Para dar uma ideia da dinâmica das oficinas: elas são abertas ao público em geral, ou serão em algum momento? O que os participantes aprendem nesses eventos?
As oficinas são abertas e realizadas nas comunidades que demonstram interesse, desde que atendam a algumas demandas e recursos que costumo combinar com os organizadores.
Por exemplo, o número máximo de participantes não deve ser superior a vinte pessoas, precisamos de um local limpo, iluminado e arejado, com bancadas, cadeiras, fogão ou placas de aquecimento, vidrarias e matérias-primas básicas.
Em 2019 contamos com recurso da Pró-Reitoria de Pesquisa e Pós-Graduação (PROPPG) para realizar oficinas, uma vez que temos alguns projetos de pesquisa vinculados, então pudemos providenciar matéria-prima e as oficinas foram bem sucedidas.
A comunidade do Assentamento Terra de Santa Cruz submeteu e aprovou um projeto conosco e logo teremos recurso para oficinas ampliadas naquele lugar. O
Instituto Arapyaú nos convidou para uma oficina em fevereiro e deve nos ajudar com a aquisição de material.
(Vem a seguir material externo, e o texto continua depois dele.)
(* Let $\widetilde{\Sigma}_1,\ldots,\widetilde{\Sigma}_n$ be pairwise disjoint visibly pushdown alphabets and $P_k\subseteq\widetilde{\Sigma}_k^*$ well-matched visibly pushdown languages, each equipped with a semantics $\mathcal{F}_k$ as described in the context, and let $\mathcal{M}$ (the $n$-stack semantics) and $\mathcal{S}$ (the single-stack semantics) be defined from them as in the context. Then for every word $\rho\in P_1\bowtie\cdots\bowtie P_n$ and all assertions $A,B$ over the valuations in $V$, the Hoare triple $\{A\}\rho\{B\}$ is valid with respect to $\mathcal{M}$ if and only if it is valid with respect to $\mathcal{S}$.
   Context: A visibly pushdown (VP) alphabet is a finite alphabet partitioned into calls, returns and internals; $\Sigma^{\mathsf{call}}_k,\Sigma^{\mathsf{ret}}_k,\Sigma^{\mathsf{int}}_k$ are those of $\widetilde{\Sigma}_k$, and $\widetilde{\Sigma}=\biguplus_k\widetilde{\Sigma}_k$. Calls and returns are matched like parentheses (internals ignored); well-matched = all matched. Shuffle $P_1\parallel\cdots\parallel P_n=\{w\in\widetilde{\Sigma}^*:\Pi_{\widetilde{\Sigma}_k}(w)\in P_k\ \forall k\}$; a word is well-nested if every matched call–return pair consists of letters from the same $\widetilde{\Sigma}_k$; $P_1\bowtie\cdots\bowtie P_n$ is the set of well-nested words of the shuffle. Program $k$ has its own variables (disjoint across programs); $V_k$ is its set of valuations, and $V$ is the set of valuations of all variables, identified with tuples $\nu=(\nu|_1,\ldots,\nu|_n)$, $\nu|_j\in V_j$. A stack is a nonempty finite sequence of frames; $S.\nu$ denotes a stack with top frame $\nu$ and rest $S$. Semantics $\mathcal{F}_k$: for $c\in\Sigma^{\mathsf{call}}_k$, $\mathcal{F}_k(c):V_k\to 2^{V_k}$; for $r\in\Sigma^{\mathsf{ret}}_k$, $\mathcal{F}_k(r):V_k\times V_k\to 2^{V_k}$; for $a\in\Sigma^{\mathsf{int}}_k$, $\mathcal{F}_k(a):V_k\to 2^{V_k}$. $n$-stack semantics: for $x\in\widetilde{\Sigma}_k$, $\mathcal{M}(x)$ relates tuples $(S_1,\ldots,S_n)$ of stacks ($S_j$ over $V_j$) leaving components $j\ne k$ unchanged and changing the $k$-th as: call $x$: $S.\nu\mapsto S.\nu.\nu'$ with $\nu'\in\mathcal{F}_k(x)(\nu)$; return $x$: $S.\nu_<.\nu\mapsto S.\nu'$ with $\nu'\in\mathcal{F}_k(x)(\nu,\nu_<)$; internal $x$: $S.\nu\mapsto S.\nu'$ with $\nu'\in\mathcal{F}_k(x)(\nu)$. Single-stack semantics on stacks over $V$: for $x\in\widetilde{\Sigma}_k$, call: $S.\nu\mapsto S.\nu.\nu'$ with $\nu'|_k\in\mathcal{F}_k(x)(\nu|_k)$, $\nu'|_j=\nu|_j$ ($j\ne k$); return: $S.\nu_<.\nu\mapsto S.\nu'$ with $\nu'|_k\in\mathcal{F}_k(x)(\nu|_k,\nu_<|_k)$, $\nu'|_j=\nu|_j$ ($j\ne k$); internal: $S.\nu\mapsto S.\nu'$ with $\nu'|_k\in\mathcal{F}_k(x)(\nu|_k)$, $\nu'|_j=\nu|_j$ ($j\ne k$). Both are extended to words by relational composition. $\{A\}\rho\{B\}$ is valid w.r.t. $\mathcal{M}$ if for all $((S_1.\nu_1,\ldots,S_n.\nu_n),(S_1'.\nu_1',\ldots,S_n'.\nu_n'))\in\mathcal{M}(\rho)$, $(\nu_1,\ldots,\nu_n)\models A$ implies $(\nu'_1,\ldots,\nu'_n)\models B$; valid w.r.t. $\mathcal{S}$ if for all $(S.\nu,S'.\nu')\in\mathcal{S}(\rho)$, $\nu\models A$ implies $\nu'\models B$. *)

From mathcomp Require Import all_boot.
Set Implicit Arguments. Unset Strict Implicit. Unset Printing Implicit Defensive.

(* The disjoint union of the VP alphabets Sigma_1,...,Sigma_n is a finite type X;
   [comp x : 'I_n] says to which Sigma_k the letter x belongs, and
   [kind x] says whether x is a call, a return or an internal letter. *)
Inductive letter_kind := KCall | KRet | KInt.

Fixpoint rel_word (X T : Type) (R : X -> T -> T -> Prop) (w : seq X) : T -> T -> Prop :=
  match w with
  | [::] => fun a b => a = b
  | x :: w' => fun a c => exists b, R x a b /\ rel_word R w' b c
  end.

Section VP.
Variables (X : finType) (kind : X -> letter_kind).

Inductive well_matched : seq X -> Prop :=
| wm_nil : well_matched [::]
| wm_int a w : kind a = KInt -> well_matched w -> well_matched (a :: w)
| wm_callret c w1 r w2 : kind c = KCall -> kind r = KRet ->
    well_matched w1 -> well_matched w2 -> well_matched (c :: w1 ++ r :: w2).

Definition matched (x0 : X) (w : seq X) (i j : nat) : Prop :=
  [/\ i < j, j < size w, kind (nth x0 w i) = KCall, kind (nth x0 w j) = KRet
    & well_matched (take (j - i.+1) (drop i.+1 w))].

End VP.

(* Visibly pushdown automata over X (nondeterministic, acceptance by final
   state; returns on the empty stack read the bottom symbol, encoded as None). *)
Record VPA (X : finType) := {
  vQ : finType;
  vG : finType;
  v_init : pred vQ;
  v_final : pred vQ;
  v_call : vQ -> X -> vQ -> vG -> bool;
  v_ret  : vQ -> X -> option vG -> vQ -> bool;
  v_int  : vQ -> X -> vQ -> bool
}.

Section VP2.
Variables (X : finType) (kind : X -> letter_kind).

Definition vpa_step (A : VPA X) (x : X) (c c' : vQ A * seq (vG A)) : Prop :=
  match kind x with
  | KCall => exists g, @v_call X A c.1 x c'.1 g /\ c'.2 = g :: c.2
  | KRet => (exists g, c.2 = g :: c'.2 /\ @v_ret X A c.1 x (Some g) c'.1)
            \/ (c.2 = [::] /\ c'.2 = [::] /\ @v_ret X A c.1 x None c'.1)
  | KInt => @v_int X A c.1 x c'.1 /\ c'.2 = c.2
  end.

Definition vpa_accepts (A : VPA X) (w : seq X) : Prop :=
  exists q0 qf st, @v_init X A q0 /\ @v_final X A qf /\
    rel_word (@vpa_step A) w (q0, [::]) (qf, st).

Definition is_VPL (L : seq X -> Prop) : Prop :=
  exists A : VPA X, forall w, L w <-> vpa_accepts A w.
End VP2.

Section Shuffle.
Variables (n : nat) (X : finType) (kind : X -> letter_kind) (comp : X -> 'I_n).

Definition proj (k : 'I_n) (w : seq X) : seq X := [seq x <- w | comp x == k].

Definition well_nested (w : seq X) : Prop :=
  forall x0 i j, matched kind x0 w i j -> comp (nth x0 w i) = comp (nth x0 w j).

Definition in_bowtie (P : 'I_n -> seq X -> Prop) (w : seq X) : Prop :=
  (forall k, P k (proj k w)) /\ well_nested w.
End Shuffle.

(* A stack is a nonempty sequence of frames: (S, nu) stands for S.nu, the top
   frame being nu; S is listed from the frame just below the top downwards. *)
Definition stack (T : Type) := (seq T * T)%type.

Section Sem.
Variables (n : nat) (X : finType) (kind : X -> letter_kind) (comp : X -> 'I_n).
Variable V : 'I_n -> Type.
Definition Vall := forall k, V k.

(* Fc x nu nu'      : nu' \in F_k(x)(nu)       (x call or internal of Sigma_k)
   Fr x nu nul nu'  : nu' \in F_k(x)(nu, nul)  (x return of Sigma_k)        *)
Variable Fc : forall x : X, V (comp x) -> V (comp x) -> Prop.
Variable Fr : forall x : X, V (comp x) -> V (comp x) -> V (comp x) -> Prop.

Definition local_step (x : X) (s s' : stack (V (comp x))) : Prop :=
  match kind x with
  | KCall => exists S nu nu', [/\ s = (S, nu), Fc nu nu' & s' = (nu :: S, nu')]
  | KRet => exists S nul nu nu',
              [/\ s = (nul :: S, nu), Fr nu nul nu' & s' = (S, nu')]
  | KInt => exists S nu nu', [/\ s = (S, nu), Fc nu nu' & s' = (S, nu')]
  end.

Definition Mstep (x : X) (C C' : forall k, stack (V k)) : Prop :=
  local_step (C (comp x)) (C' (comp x)) /\
  (forall j, j != comp x -> C' j = C j).

Definition frame_upd (x : X) (nu nu' : Vall) : Prop :=
  forall j, j != comp x -> nu' j = nu j.

Definition Sstep (x : X) (s s' : stack Vall) : Prop :=
  match kind x with
  | KCall => exists S nu nu', [/\ s = (S, nu), s' = (nu :: S, nu'),
               Fc (nu (comp x)) (nu' (comp x)) & frame_upd x nu nu']
  | KRet => exists S nul nu nu', [/\ s = (nul :: S, nu), s' = (S, nu'),
               Fr (nu (comp x)) (nul (comp x)) (nu' (comp x)) & frame_upd x nu nu']
  | KInt => exists S nu nu', [/\ s = (S, nu), s' = (S, nu'),
               Fc (nu (comp x)) (nu' (comp x)) & frame_upd x nu nu']
  end.

Definition valid_M (A B : Vall -> Prop) (rho : seq X) : Prop :=
  forall C C' : forall k, stack (V k), rel_word Mstep rho C C' ->
    A (fun k => (C k).2) -> B (fun k => (C' k).2).

Definition valid_S (A B : Vall -> Prop) (rho : seq X) : Prop :=
  forall s s' : stack Vall, rel_word Sstep rho s s' -> A s.2 -> B s'.2.
End Sem.

From mathcomp Require Import all_boot zify.
From Stdlib Require Import FunctionalExtensionality.
Set Implicit Arguments. Unset Strict Implicit. Unset Printing Implicit Defensive.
É muito dinâmico, cada oficina tem sua característica própria.
Que fitoprodutos estão sendo trabalhados nesse momento?
Como nosso público predominante é feminino, e queremos que continue assim porque percebemos a necessidade e afinidade delas com o tema, os queridinhos das oficinas são os fitocosméticos, principalmente os sabonetes artesanais, mas elas também pedem os hidratantes corporais, protetores labiais pigmentados, xampus, etc.
O grupo de alunos do BI Saúde foca muito no atendimento básico, eles sempre abordam como utilizar os óleos essenciais, como fazer uma tintura equilibrada, repelentes de insetos, xarope expectorante, sabonetes fitoterápicos, e assim vai.